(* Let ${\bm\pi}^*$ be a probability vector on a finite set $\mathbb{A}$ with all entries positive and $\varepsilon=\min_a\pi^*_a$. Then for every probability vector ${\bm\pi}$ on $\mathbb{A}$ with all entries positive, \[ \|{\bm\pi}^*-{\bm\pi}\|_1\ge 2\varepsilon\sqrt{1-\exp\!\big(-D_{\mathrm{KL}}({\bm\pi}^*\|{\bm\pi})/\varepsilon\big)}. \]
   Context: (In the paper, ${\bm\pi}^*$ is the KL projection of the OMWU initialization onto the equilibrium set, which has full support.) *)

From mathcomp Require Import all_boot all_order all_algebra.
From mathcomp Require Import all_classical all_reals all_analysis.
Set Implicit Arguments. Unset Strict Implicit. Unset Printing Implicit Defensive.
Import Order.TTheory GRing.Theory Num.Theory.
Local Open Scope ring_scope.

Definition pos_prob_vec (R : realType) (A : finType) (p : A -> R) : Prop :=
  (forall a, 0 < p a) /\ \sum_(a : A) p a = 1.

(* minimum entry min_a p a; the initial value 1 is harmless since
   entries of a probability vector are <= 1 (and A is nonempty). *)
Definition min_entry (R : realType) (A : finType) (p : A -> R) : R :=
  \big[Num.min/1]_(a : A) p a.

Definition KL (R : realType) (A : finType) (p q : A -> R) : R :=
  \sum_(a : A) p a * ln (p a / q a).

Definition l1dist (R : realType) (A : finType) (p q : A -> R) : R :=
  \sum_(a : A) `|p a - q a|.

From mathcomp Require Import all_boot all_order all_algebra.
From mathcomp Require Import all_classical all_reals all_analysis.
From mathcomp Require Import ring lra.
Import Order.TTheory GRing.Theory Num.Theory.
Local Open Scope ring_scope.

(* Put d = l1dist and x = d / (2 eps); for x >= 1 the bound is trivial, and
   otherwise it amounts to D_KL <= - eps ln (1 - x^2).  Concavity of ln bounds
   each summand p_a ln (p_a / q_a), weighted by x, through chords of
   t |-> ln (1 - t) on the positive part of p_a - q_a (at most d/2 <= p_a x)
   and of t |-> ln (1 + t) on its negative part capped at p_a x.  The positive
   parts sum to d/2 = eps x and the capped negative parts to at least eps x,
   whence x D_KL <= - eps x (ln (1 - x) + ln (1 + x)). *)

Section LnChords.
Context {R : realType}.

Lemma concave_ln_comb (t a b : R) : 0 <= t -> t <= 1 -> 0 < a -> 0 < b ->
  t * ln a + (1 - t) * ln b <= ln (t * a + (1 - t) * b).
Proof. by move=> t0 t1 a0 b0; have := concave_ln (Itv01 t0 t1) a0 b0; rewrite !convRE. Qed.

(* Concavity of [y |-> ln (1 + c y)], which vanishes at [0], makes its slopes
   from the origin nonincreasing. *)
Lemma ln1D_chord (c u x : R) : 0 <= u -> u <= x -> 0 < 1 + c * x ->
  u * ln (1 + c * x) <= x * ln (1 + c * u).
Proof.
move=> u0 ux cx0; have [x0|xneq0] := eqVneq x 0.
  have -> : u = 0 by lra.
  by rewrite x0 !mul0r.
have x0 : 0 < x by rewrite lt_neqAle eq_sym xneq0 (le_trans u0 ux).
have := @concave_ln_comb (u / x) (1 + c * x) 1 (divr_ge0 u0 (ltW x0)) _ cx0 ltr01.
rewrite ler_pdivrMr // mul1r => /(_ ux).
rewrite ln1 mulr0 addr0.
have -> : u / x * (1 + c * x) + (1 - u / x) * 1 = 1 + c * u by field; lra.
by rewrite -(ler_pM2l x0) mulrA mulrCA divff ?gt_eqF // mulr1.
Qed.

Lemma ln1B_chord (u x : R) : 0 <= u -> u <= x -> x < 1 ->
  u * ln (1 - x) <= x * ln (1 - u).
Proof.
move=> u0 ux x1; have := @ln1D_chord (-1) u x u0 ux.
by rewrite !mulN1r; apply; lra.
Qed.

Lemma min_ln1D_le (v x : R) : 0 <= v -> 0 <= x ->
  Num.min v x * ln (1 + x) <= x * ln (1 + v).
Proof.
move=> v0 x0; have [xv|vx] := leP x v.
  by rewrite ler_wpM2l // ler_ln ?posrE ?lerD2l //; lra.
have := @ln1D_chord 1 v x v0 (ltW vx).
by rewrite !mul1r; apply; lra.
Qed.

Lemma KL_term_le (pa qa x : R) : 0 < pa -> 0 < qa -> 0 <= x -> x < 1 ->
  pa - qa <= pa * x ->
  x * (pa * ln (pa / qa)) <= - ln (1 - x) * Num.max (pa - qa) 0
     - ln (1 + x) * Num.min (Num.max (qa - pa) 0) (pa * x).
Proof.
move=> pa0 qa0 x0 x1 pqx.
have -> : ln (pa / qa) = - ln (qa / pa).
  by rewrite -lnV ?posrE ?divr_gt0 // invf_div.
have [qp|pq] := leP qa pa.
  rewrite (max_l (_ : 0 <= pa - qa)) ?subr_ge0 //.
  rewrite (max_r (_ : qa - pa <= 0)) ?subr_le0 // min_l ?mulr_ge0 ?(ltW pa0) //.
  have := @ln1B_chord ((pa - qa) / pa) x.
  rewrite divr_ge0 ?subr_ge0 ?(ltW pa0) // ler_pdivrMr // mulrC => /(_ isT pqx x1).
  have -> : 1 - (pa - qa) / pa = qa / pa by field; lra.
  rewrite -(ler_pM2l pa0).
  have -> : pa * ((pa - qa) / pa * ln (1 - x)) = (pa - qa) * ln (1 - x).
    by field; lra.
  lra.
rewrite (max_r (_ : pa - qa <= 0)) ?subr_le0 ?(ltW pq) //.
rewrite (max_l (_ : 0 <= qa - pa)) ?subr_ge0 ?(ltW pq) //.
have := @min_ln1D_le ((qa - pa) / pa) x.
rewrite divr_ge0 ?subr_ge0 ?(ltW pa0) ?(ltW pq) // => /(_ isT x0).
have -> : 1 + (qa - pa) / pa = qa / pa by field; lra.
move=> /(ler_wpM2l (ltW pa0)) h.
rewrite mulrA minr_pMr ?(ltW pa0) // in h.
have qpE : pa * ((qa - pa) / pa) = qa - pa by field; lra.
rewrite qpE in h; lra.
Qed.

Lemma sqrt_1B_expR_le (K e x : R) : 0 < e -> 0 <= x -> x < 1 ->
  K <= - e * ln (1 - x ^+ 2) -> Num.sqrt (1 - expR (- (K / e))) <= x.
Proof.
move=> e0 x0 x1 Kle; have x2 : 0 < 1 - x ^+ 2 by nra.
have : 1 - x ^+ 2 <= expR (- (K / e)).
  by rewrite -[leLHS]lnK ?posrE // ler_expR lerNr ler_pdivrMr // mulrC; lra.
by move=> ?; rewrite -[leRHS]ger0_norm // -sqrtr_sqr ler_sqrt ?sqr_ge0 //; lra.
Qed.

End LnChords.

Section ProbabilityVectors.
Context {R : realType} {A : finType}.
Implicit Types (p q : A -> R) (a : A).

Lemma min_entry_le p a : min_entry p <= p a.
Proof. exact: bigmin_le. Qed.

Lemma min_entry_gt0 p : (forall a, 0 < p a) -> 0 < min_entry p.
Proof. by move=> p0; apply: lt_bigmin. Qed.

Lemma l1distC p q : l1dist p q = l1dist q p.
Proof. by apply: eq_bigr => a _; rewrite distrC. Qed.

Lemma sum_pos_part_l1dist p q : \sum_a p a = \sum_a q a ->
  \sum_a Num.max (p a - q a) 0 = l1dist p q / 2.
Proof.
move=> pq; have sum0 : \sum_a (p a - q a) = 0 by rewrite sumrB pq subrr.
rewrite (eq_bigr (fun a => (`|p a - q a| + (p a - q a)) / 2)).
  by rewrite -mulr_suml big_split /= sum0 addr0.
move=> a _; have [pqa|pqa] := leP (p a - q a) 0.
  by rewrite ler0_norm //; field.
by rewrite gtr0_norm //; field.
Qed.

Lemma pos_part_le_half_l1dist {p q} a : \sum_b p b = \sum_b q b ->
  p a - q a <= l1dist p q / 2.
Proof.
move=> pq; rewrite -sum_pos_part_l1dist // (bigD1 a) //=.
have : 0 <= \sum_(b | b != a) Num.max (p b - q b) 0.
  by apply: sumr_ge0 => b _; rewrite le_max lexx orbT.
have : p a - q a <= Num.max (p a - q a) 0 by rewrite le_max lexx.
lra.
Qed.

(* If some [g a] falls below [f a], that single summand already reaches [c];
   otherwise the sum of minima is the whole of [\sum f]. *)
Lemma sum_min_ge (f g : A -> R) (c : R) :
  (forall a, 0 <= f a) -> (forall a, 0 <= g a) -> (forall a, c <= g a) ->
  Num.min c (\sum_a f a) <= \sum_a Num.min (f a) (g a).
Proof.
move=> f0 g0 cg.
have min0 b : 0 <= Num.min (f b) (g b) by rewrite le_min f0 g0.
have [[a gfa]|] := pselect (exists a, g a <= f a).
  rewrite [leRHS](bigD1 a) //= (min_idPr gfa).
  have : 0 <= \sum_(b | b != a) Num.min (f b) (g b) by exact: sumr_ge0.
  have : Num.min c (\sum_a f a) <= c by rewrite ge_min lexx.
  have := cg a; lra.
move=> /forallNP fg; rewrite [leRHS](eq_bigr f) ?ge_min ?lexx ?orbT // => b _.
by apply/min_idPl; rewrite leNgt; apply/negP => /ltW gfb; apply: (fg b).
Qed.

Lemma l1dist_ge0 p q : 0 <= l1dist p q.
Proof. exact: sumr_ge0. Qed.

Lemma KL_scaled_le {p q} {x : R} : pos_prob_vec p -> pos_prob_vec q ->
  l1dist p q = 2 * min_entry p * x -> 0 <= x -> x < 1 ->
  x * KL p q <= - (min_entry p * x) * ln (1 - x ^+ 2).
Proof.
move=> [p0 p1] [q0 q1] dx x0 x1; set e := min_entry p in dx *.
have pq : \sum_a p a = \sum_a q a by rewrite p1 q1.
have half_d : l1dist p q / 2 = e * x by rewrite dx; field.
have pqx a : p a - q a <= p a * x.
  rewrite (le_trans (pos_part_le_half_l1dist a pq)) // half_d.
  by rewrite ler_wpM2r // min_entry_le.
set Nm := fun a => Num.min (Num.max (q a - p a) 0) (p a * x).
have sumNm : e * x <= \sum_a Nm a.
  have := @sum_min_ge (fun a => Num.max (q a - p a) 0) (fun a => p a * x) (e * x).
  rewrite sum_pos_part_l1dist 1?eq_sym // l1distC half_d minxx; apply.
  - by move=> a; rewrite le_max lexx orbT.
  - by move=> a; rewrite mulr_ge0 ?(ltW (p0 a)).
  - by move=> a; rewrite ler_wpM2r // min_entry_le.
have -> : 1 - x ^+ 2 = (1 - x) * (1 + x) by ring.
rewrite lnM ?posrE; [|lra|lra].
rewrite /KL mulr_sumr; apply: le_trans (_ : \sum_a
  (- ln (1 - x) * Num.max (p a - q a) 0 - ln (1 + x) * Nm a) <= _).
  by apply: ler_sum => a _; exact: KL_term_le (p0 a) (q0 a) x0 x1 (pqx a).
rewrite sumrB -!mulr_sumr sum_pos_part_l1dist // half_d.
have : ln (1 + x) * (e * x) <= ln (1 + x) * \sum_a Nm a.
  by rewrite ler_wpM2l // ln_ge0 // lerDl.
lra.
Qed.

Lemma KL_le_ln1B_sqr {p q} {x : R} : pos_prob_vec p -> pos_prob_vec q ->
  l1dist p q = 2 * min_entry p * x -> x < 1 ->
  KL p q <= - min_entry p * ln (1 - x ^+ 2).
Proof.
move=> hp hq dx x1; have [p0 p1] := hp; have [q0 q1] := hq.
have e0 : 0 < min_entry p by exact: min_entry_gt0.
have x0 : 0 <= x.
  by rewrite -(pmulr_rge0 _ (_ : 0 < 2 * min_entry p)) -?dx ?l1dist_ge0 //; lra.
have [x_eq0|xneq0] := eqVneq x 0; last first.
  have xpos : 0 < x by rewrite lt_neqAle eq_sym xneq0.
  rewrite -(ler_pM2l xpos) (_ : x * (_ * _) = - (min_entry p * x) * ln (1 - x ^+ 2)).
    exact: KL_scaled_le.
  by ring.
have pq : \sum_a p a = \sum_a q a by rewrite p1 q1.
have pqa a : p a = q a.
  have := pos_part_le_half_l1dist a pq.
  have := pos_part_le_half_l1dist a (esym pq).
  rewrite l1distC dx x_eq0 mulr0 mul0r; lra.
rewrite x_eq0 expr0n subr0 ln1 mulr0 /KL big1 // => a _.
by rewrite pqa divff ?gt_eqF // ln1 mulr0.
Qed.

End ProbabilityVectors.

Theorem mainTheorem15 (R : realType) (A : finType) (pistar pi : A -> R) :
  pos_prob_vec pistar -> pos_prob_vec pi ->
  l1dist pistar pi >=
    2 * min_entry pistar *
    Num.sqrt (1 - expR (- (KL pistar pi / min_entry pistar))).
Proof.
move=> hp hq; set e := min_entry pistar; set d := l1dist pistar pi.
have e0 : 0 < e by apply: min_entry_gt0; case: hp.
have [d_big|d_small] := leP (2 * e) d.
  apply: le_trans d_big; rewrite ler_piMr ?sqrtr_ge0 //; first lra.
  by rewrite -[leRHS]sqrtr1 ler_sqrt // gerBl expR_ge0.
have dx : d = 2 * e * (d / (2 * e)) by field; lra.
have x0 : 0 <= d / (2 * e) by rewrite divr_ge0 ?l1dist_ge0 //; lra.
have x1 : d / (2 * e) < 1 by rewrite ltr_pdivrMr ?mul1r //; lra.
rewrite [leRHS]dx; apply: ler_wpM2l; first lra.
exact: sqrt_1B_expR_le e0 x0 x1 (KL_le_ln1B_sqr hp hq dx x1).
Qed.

• • • • •

= PROMPT =
Nothing but the lines from the one with "exact: sqrt_1B_expR_le e0" through the end of the data above should be repeated, each exactly as it stands.

= SOLUTION TO THE PROBLEM =
exact: sqrt_1B_expR_le e0 x0 x1 (KL_le_ln1B_sqr hp hq dx x1).
Qed.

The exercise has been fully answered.